Let's start with the basics of flow charting, for those of you who already know this, you can skip to the next bit if you want. Here's an image that explains the basic flow charting symbols you'll need to know:
[Image: l4dtWEI.png]
So, let's go through what those mean.

We'll start with the start/end symbol. This one is pretty basic. Your program MUST have at least 2 of these (there is 1 exception, but we won't go there). The first one will mark the Entry Point of your program. This is important, because you can use the linker to actually define your entry point as something other than _start. For example, if you had a complex init routine (like libc does), you would define your entry point as that init routine and the routine would then jump to _start when it's finished. The same goes for repeating this symbol at the end. While it's sometimes implicit that the program will just end after a certain block, it's good documentation to have the end symbol stating that your program is done running. Especially if you are doing something with tail recursion.
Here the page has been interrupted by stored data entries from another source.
(* The chromatic MacMahon symmetric function is a formal power series in the
   variables x_1, x_2, ... and y_1, y_2, ...  We represent it by its family
   of truncations: [chromMacMahon E wt n] is the image of X~_G under
   x_j, y_j |-> 0 for j > n, a polynomial in the 2n variables
   x_1..x_n (indices lshift) and y_1..y_n (indices rshift).
   Colour i : 'I_n stands for the positive integer i+1.  Two such series are
   equal iff all their truncations are equal. *)
Definition xvar (n : nat) (i : 'I_n) : 'I_(n + n) := lshift n i.
Definition yvar (n : nat) (i : 'I_n) : 'I_(n + n) := rshift n i.

Definition chromMacMahon (V : finType) (E : rel V) (wt : V -> nat) (n : nat)
  : {mpoly int[n + n]} :=
  \sum_(k : {ffun V -> 'I_n} | proper_coloring E k)
     \prod_(v : V) ('X_(xvar (k v)) * 'X_(yvar (k v)) ^+ wt v).

(* Extended generalized degree polynomial, in variables
   w = 'X_0, x = 'X_1, y = 'X_2, z = 'X_3. *)
Definition genDegPoly (V : finType) (E : rel V) (wt : V -> nat)
  : {mpoly int[4]} :=
  \sum_(A : {set V})
     ('X_(0 : 'I_4) ^+ ext_edges E A * 'X_(1 : 'I_4) ^+ #|A|
      * 'X_(2 : 'I_4) ^+ wtset wt A * 'X_(3 : 'I_4) ^+ int_edges E A).

(* Split the colours 1..a+b into a low palette of size a, specialised by
   x_i, y_i |-> xi, eta, and a high palette of size b, specialised by
   x_i, y_i |-> 1, and group colourings by the set A of low-coloured vertices.
   In a forest, edges between the two colour classes impose no constraint and
   F[B] has chromatic polynomial P_B(c) = c^(|B| - int B) (c-1)^(int B), so the
   specialised X~_F is  sum_A xi^|A| eta^wt(A) P_A(a) P_(V\A)(b).  This is a
   polynomial identity in a, b > 0, hence it holds for arbitrary a, b.  Taking
   a = W/(W-Z), b = W/(W-1), xi = X(W-Z)/(W-1), eta = Y and multiplying by
   W^|E| turns the summand of A into (W/(W-1))^|V| W^ext(A) X^|A| Y^wt(A) Z^int(A),
   because int A + int (V\A) + ext A = |E|.  Finally |V| and |E| are determined
   by X~_F through its two-colour evaluation x^|V| 2^(|V| - |E|). *)

From HB Require Import structures.
From mathcomp Require Import all_boot all_order all_algebra.
From mathcomp Require Import mpoly.
From mathcomp Require Import ring zify.

Set Implicit Arguments.
Unset Strict Implicit.
Unset Printing Implicit Defensive.
Import GRing.Theory Num.Theory.

Section FunctionUpdate.

Variables (V I : finType).

Definition upd (k : {ffun V -> I}) v c : {ffun V -> I} :=
  [ffun u => if u == v then c else k u].

Lemma card_fibre_upd v (P : pred {ffun V -> I}) (R : {ffun V -> I} -> {set I}) m :
    (forall k c, P (upd k v c) = P k) -> (forall k c, R (upd k v c) = R k) ->
    (forall k, P k -> #|R k| = m) ->
  #|[pred k | P k && (k v \in R k)]| * #|I| = #|[pred k | P k]| * m.
Proof.
move=> Pupd Rupd cardR.
pose g (p : {ffun V -> I} * I) : nat := P p.1 && (p.2 \in R p.1).
pose phi (p : {ffun V -> I} * I) := (upd p.1 v p.2, p.1 v).
have phiK : involutive phi.
  move=> [k c]; rewrite /phi /upd /= !ffunE eqxx; congr (_, _).
  by apply/ffunP => u; rewrite !ffunE; case: eqP => [->|].
have sum_fibres : \sum_p g p = #|[pred k | P k]| * m.
  rewrite -(pair_bigA _ (fun k c => g (k, c))) -sum_nat_const [RHS]big_mkcond /=.
  apply: eq_bigr => k _; rewrite inE /g /=; case: (boolP (P k)) => [Pk|_].
    by rewrite -(cardR k Pk) -sum1_card [RHS]big_mkcond.
  exact: big1.
rewrite -{}sum_fibres (reindex_inj (inv_inj phiK)).
rewrite -(pair_bigA _ (fun k c => g (phi (k, c)))) -sum_nat_const [LHS]big_mkcond /=.
apply: eq_bigr => k _; rewrite inE /g /phi /=.
under eq_bigr do rewrite Pupd Rupd.
by rewrite sum_nat_const; case: (_ && _); rewrite ?muln1 ?muln0.
Qed.

End FunctionUpdate.

Lemma card_set_in (T : finType) (S : {set T}) (P : pred T) :
  #|[set x in S | P x]| = \sum_(x in S) P x.
Proof.
rewrite -sum1dep_card [LHS]big_mkcond [RHS]big_mkcond /=.
by apply: eq_bigr => x _; case: (x \in S); case: (P x).
Qed.

Section RingFacts.

Local Open Scope ring_scope.

Definition split_env (R : pzRingType) n (L : {set 'I_n}) (xi eta : R)
    (j : 'I_(n + n)) : R :=
  match split j with
  | inl i => if i \in L then xi else 1
  | inr i => if i \in L then eta else 1
  end.

Lemma split_env_x (R : pzRingType) n (L : {set 'I_n}) (xi eta : R) i :
  split_env L xi eta (xvar i) = if i \in L then xi else 1.
Proof. by rewrite /split_env /xvar -[lshift n i]/(unsplit (inl i)) unsplitK. Qed.

Lemma split_env_y (R : pzRingType) n (L : {set 'I_n}) (xi eta : R) i :
  split_env L xi eta (yvar i) = if i \in L then eta else 1.
Proof. by rewrite /split_env /yvar -[rshift n i]/(unsplit (inr i)) unsplitK. Qed.

Lemma subst_chrom_monomial (K : fieldType) (W X Y Z : K) (p i q j e w : nat) :
    W - Z != 0 -> W - 1 != 0 ->
  W ^+ (i + j + e) * ((X * (W - Z) / (W - 1)) ^+ (p + i) * Y ^+ w *
    ((W / (W - Z)) ^+ p * (W / (W - Z) - 1) ^+ i) *
    ((W / (W - 1)) ^+ q * (W / (W - 1) - 1) ^+ j)) =
  (W / (W - 1)) ^+ (p + i + q + j) * (W ^+ e * X ^+ (p + i) * Y ^+ w * Z ^+ i).
Proof.
move=> WZ W1.
have -> : W / (W - Z) - 1 = Z / (W - Z) by field.
have -> : W / (W - 1) - 1 = (W - 1)^-1 by field.
have : (W - Z) * (W - Z)^-1 = 1 by rewrite mulfV.
move: (W - Z) (W - Z)^-1 (W - 1)^-1 => c c' d cc'.
rewrite -[RHS]mulr1 -(expr1n _ (p + i)) -cc' !exprMn !exprD; ring.
Qed.

Lemma eq_poly_at_pos_nat (K : idomainType) (p q : {poly K}) :
    injective (fun m : nat => m%:R : K) ->
    (forall m, (0 < m)%N -> p.[m%:R] = q.[m%:R]) ->
  p = q.
Proof.
move=> natr_inj eq_pq; apply/eqP; rewrite -subr_eq0; apply/eqP.
apply: (@roots_geq_poly_eq0 _ _ [seq i.+1%:R | i <- iota 0 (size (p - q))]).
- by apply/allP => _ /mapP [i _ ->]; rewrite /root !hornerE eq_pq // subrr.
- by rewrite map_inj_uniq ?iota_uniq // => i j /natr_inj [].
- by rewrite size_map size_iota.
Qed.

End RingFacts.

Section Graph.

Variables (V : finType) (E : rel V) (wt : V -> nat).

Definition nbrs (B : {set V}) (v : V) : {set V} := [set u in B | E v u].

Lemma edgesP {e} : reflect (exists u w, e = [set u; w] /\ E u w) (e \in edges E).
Proof.
rewrite inE; apply: (iffP existsP).
  by move=> [u /existsP [w /andP [/eqP -> Euw]]]; exists u, w.
by move=> [u [w [-> Euw]]]; exists u; apply/existsP; exists w; rewrite eqxx.
Qed.

Lemma in_edges_subset (B : {set V}) e :
  (e \in [set e in edges E | e \subset B]) = (e \in edges E) && (e \subset B).
Proof. by rewrite inE. Qed.

Lemma int_edges0 : int_edges E set0 = 0.
Proof.
apply: eq_card0 => e; rewrite inE subset0.
apply/andP => -[/edgesP [u [w [-> _]]] /eqP /setP /(_ u)].
by rewrite !inE eqxx.
Qed.

Lemma int_edgesT : int_edges E setT = #|edges E|.
Proof. by apply: eq_card => e; rewrite !inE subsetT andbT. Qed.

Hypotheses (Esym : ssrbool.symmetric E) (Eirr : irreflexive E).

Lemma int_edgesD1 (B : {set V}) v : v \in B ->
  int_edges E B = int_edges E (B :\ v) + #|nbrs B v|.
Proof.
move=> vB; rewrite /int_edges.
have -> : [set e in edges E | e \subset B] =
    [set e in edges E | e \subset B :\ v] :|: [set [set v; u] | u in nbrs B v].
  apply/setP => e; rewrite in_setU !in_edges_subset; apply/idP/idP.
  - case/andP=> /edgesP [x [y [-> Exy]]].
    rewrite !subUset !sub1set !in_setD1 => /andP [xB yB]; rewrite xB yB !andbT.
    have [xv|xv] := eqVneq x v; [|have [yv|yv] := eqVneq y v].
    + by apply/orP; right; apply/imsetP; exists y; rewrite ?xv // inE yB -xv.
    + apply/orP; right; apply/imsetP; exists x; rewrite ?yv 1?setUC //.
      by rewrite inE xB -yv Esym.
    + by apply/orP; left; apply/andP; split => //; apply/edgesP; exists x, y.
  - case/orP=> [/andP [-> /subset_trans -> //]|]; first exact: subsetDl.
    case/imsetP=> u; rewrite inE => /andP [uB Evu] ->.
    rewrite subUset !sub1set vB uB !andbT; apply/edgesP; by exists v, u.
rewrite cardsU; have -> : #|[set e in edges E | e \subset B :\ v]
    :&: [set [set v; u] | u in nbrs B v]| = 0.
  apply: eq_card0 => e; rewrite in_setI in_edges_subset.
  apply/andP => -[/andP [_ /subsetP eBv]] /imsetP [u _ eE].
  by move: (eBv v); rewrite eE !inE eqxx => /(_ isT).
rewrite subn0 card_in_imset // => x y; rewrite !inE => /andP [_ Evx] _ /setP exy.
have /set2P [xv|//] : x \in [set v; y] by rewrite -exy !inE eqxx orbT.
by move: Evx; rewrite xv Eirr.
Qed.

Lemma edges_partition A :
  int_edges E A + int_edges E (~: A) + ext_edges E A = #|edges E|.
Proof.
rewrite /int_edges /ext_edges !card_set_in -!big_split -sum1_card /=.
apply: eq_bigr => _ /edgesP [u [w [-> Euw]]].
have uw : u != w by apply: contraTneq Euw => ->; rewrite Eirr.
have -> : #|[set u; w] :&: A| = (u \in A) + (w \in A).
  rewrite -(eq_card (A := [set x in [set u; w] | x \in A])) => [|x]; last by rewrite !inE.
  by rewrite card_set_in big_setU1 ?big_set1 // inE.
rewrite !subUset !sub1set !inE.
by case: (u \in A); case: (w \in A).
Qed.

Hypothesis Eacyc : acyclic E.

Lemma acyclic_path_adj x s y : uniq (x :: s) -> path E x s -> E x y ->
  y \in x :: s -> y = head x s.
Proof.
move=> s_uniq s_path Exy; rewrite inE => /orP [/eqP yx|ys].
  by move: Exy; rewrite yx Eirr.
case/splitPr: ys s_uniq s_path => s1 s2 s_uniq s_path.
case: s1 s_uniq s_path => [//|z s1] s_uniq s_path; exfalso.
apply: (negP (Eacyc (s := x :: rcons (z :: s1) y) _ _)).
- apply: subseq_uniq s_uniq; rewrite -cats1 -!cat_cons.
  by apply: cat_subseq => //; rewrite sub1seq mem_head.
- by rewrite /= size_rcons.
- rewrite /cycle rcons_path last_rcons Esym Exy andbT.
  by move: s_path; rewrite cat_path /= rcons_path => /and3P [/andP [-> ->]].
Qed.

Lemma forest_leaf (B : {set V}) :
  B != set0 -> exists2 v, v \in B & #|nbrs B v| <= 1.
Proof.
move=> /set0Pn [x0 x0B].
have [/exists_inP //|/exists_inPn deg2] := boolP [exists v in B, #|nbrs B v| <= 1].
exfalso; have long_path m : exists x s,
    [/\ size s = m, uniq (x :: s), path E x s & all (mem B) (x :: s)].
  elim: m => [|m [x [s [sz s_uniq s_path sB]]]].
    by exists x0, [::]; rewrite /= x0B.
  have xB : x \in B by case/andP: sB.
  have /card_gt0P [y] : 0 < #|nbrs B x :\ head x s|.
    move: (deg2 x xB) (leq_b1 (head x s \in nbrs B x)).
    by rewrite -ltnNge (cardsD1 (head x s)); lia.
  rewrite !inE => /and3P [yh yB Exy].
  have yfresh : y \notin x :: s.
    by apply: contra yh => /(acyclic_path_adj _ _ Exy) ->.
  by exists y, (x :: s); rewrite /= sz yfresh -cons_uniq s_uniq Esym Exy s_path yB.
have [x [s [sz s_uniq _ _]]] := long_path #|V|.
by move: (max_card (mem (x :: s))); rewrite (card_uniqP s_uniq) /= sz ltnn.
Qed.

Lemma int_edges_le_card (B : {set V}) : int_edges E B <= #|B|.
Proof.
elim: {B}_.+1 {-2}B (ltnSn #|B|) => // m IH B; rewrite ltnS => Bm.
have [->|/forest_leaf [v vB leaf]] := eqVneq B set0; first by rewrite int_edges0.
rewrite (int_edgesD1 vB) (cardsD1 v B) vB add1n.
have : int_edges E (B :\ v) <= #|B :\ v|.
  by apply: IH; move: Bm; rewrite (cardsD1 v B) vB.
by move: leaf; lia.
Qed.

Definition chromn (B : {set V}) (c : nat) : nat :=
  c ^ (#|B| - int_edges E B) * c.-1 ^ int_edges E B.

Lemma chromn0 c : chromn set0 c = 1.
Proof. by rewrite /chromn int_edges0 cards0. Qed.

Lemma chromn_leaf (B : {set V}) v c : v \in B -> #|nbrs B v| <= 1 ->
  chromn B c = chromn (B :\ v) c * (c - #|nbrs B v|).
Proof.
move=> vB leaf; rewrite /chromn (int_edgesD1 vB) (cardsD1 v B) vB.
have := int_edges_le_card (B :\ v).
move: leaf; rewrite leq_eqVlt ltnS leqn0 => /orP [/eqP ->|/eqP ->] int_le.
- have -> : 1 + #|B :\ v| - (int_edges E (B :\ v) + 1) =
            #|B :\ v| - int_edges E (B :\ v) by lia.
  by rewrite expnD expn1 subn1 mulnA.
- have -> : 1 + #|B :\ v| - (int_edges E (B :\ v) + 0) =
            (#|B :\ v| - int_edges E (B :\ v)).+1 by lia.
  by rewrite addn0 subn0 expnS -mulnA mulnC.
Qed.

Section SplitColorings.

Variable n : nat.
Implicit Types (L : {set 'I_n}) (A U : {set V}) (k : {ffun V -> 'I_n}).

Definition split_coloring L A U k : bool :=
  [forall u in U, (k u \in L) == (u \in A)] &&
  [forall u in U, forall w in U, E u w ==> (k u != k w)].

Lemma split_coloring0 L A k : split_coloring L A set0 k.
Proof. by apply/andP; split; apply/forall_inP => u; rewrite inE. Qed.

Lemma split_coloringT L A k :
  split_coloring L A setT k = proper_coloring E k && ([set v | k v \in L] == A).
Proof.
rewrite /split_coloring /proper_coloring andbC; congr andb.
  by apply: eq_forallb => u; rewrite in_setT; apply: eq_forallb => w; rewrite in_setT.
apply/forall_inP/eqP => [side|<- u _]; last by rewrite inE.
by apply/setP => u; rewrite inE; apply/eqP/side.
Qed.

Lemma split_coloringC L A U k :
  split_coloring (~: L) (~: A) U k = split_coloring L A U k.
Proof.
congr andb; apply: eq_forallb_in => u _.
by rewrite !inE; case: (k u \in L); case: (u \in A).
Qed.

Lemma eq_in_split_coloring L A U k k' : {in U, k =1 k'} ->
  split_coloring L A U k = split_coloring L A U k'.
Proof.
move=> eqk; congr andb; apply: eq_forallb_in => u uU; rewrite eqk //.
by apply: eq_forallb_in => w wU; rewrite eqk.
Qed.

Lemma nbrsD1 U v : v \in U -> {subset nbrs U v <= U :\ v}.
Proof.
move=> vU u; rewrite inE => /andP [uU Evu]; rewrite !inE uU andbT.
by apply: contraTneq Evu => ->; rewrite Eirr.
Qed.

Lemma split_coloringD1 L A U v k : v \in U -> v \in A ->
  split_coloring L A U k =
  split_coloring L A (U :\ v) k && (k v \in L :\: k @: nbrs U v).
Proof.
move=> vU vA; apply/idP/idP.
- case/andP=> /forall_inP side /forall_inP prop.
  apply/andP; split; first (apply/andP; split).
  + by apply/forall_inP => u /setD1P [_ uU]; apply: side.
  + apply/forall_inP => u /setD1P [_ uU]; apply/forall_inP => w /setD1P [_ wU].
    by move/forall_inP: (prop u uU); apply.
  + rewrite in_setD (eqP (side v vU)) vA andbT.
    apply/imsetP => -[u]; rewrite inE => /andP [uU Evu] kvu.
    by move/forall_inP: (prop v vU) => /(_ u uU); rewrite Evu kvu eqxx.
- case/andP=> /andP [/forall_inP side /forall_inP prop].
  rewrite in_setD => /andP [kv_fresh kvL].
  have nbr_col u : u \in U -> E v u -> k v != k u.
    move=> uU Evu; apply: contraNneq kv_fresh => ->.
    by apply: imset_f; rewrite inE uU Evu.
  apply/andP; split.
  + apply/forall_inP => u uU; have [->|uv] := eqVneq u v; first by rewrite kvL vA.
    by apply: side; rewrite !inE uv.
  + apply/forall_inP => u uU; apply/forall_inP => w wU; apply/implyP => Euw.
    have [uv|uv] := eqVneq u v; have [wv|wv] := eqVneq w v.
    * by move: Euw; rewrite uv wv Eirr.
    * by rewrite uv; apply: nbr_col; rewrite // -uv.
    * by rewrite wv eq_sym; apply: nbr_col; rewrite // Esym -wv.
    * have uUv : u \in U :\ v by rewrite !inE uv.
      have wUv : w \in U :\ v by rewrite !inE wv.
      by move/forall_inP: (prop u uUv) => /(_ w wUv); rewrite Euw.
Qed.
Next, the arrows. These are by far the most important symbols in your chart, as they are what actually describe the flow control of your program. For simple programs, these may just be arrows pointing to the next block and that's it, but as things get more complicated, and when you start adding loop conditions and if-elses, these arrows become incredibly important. For those cases, you're going to draw an arrow from the decision block to all of the possible routes, and you will label your arrow with the value that corresponds with that path. Example: an if will have 2 arrows, one pointing the direction if it is true, one if it is false.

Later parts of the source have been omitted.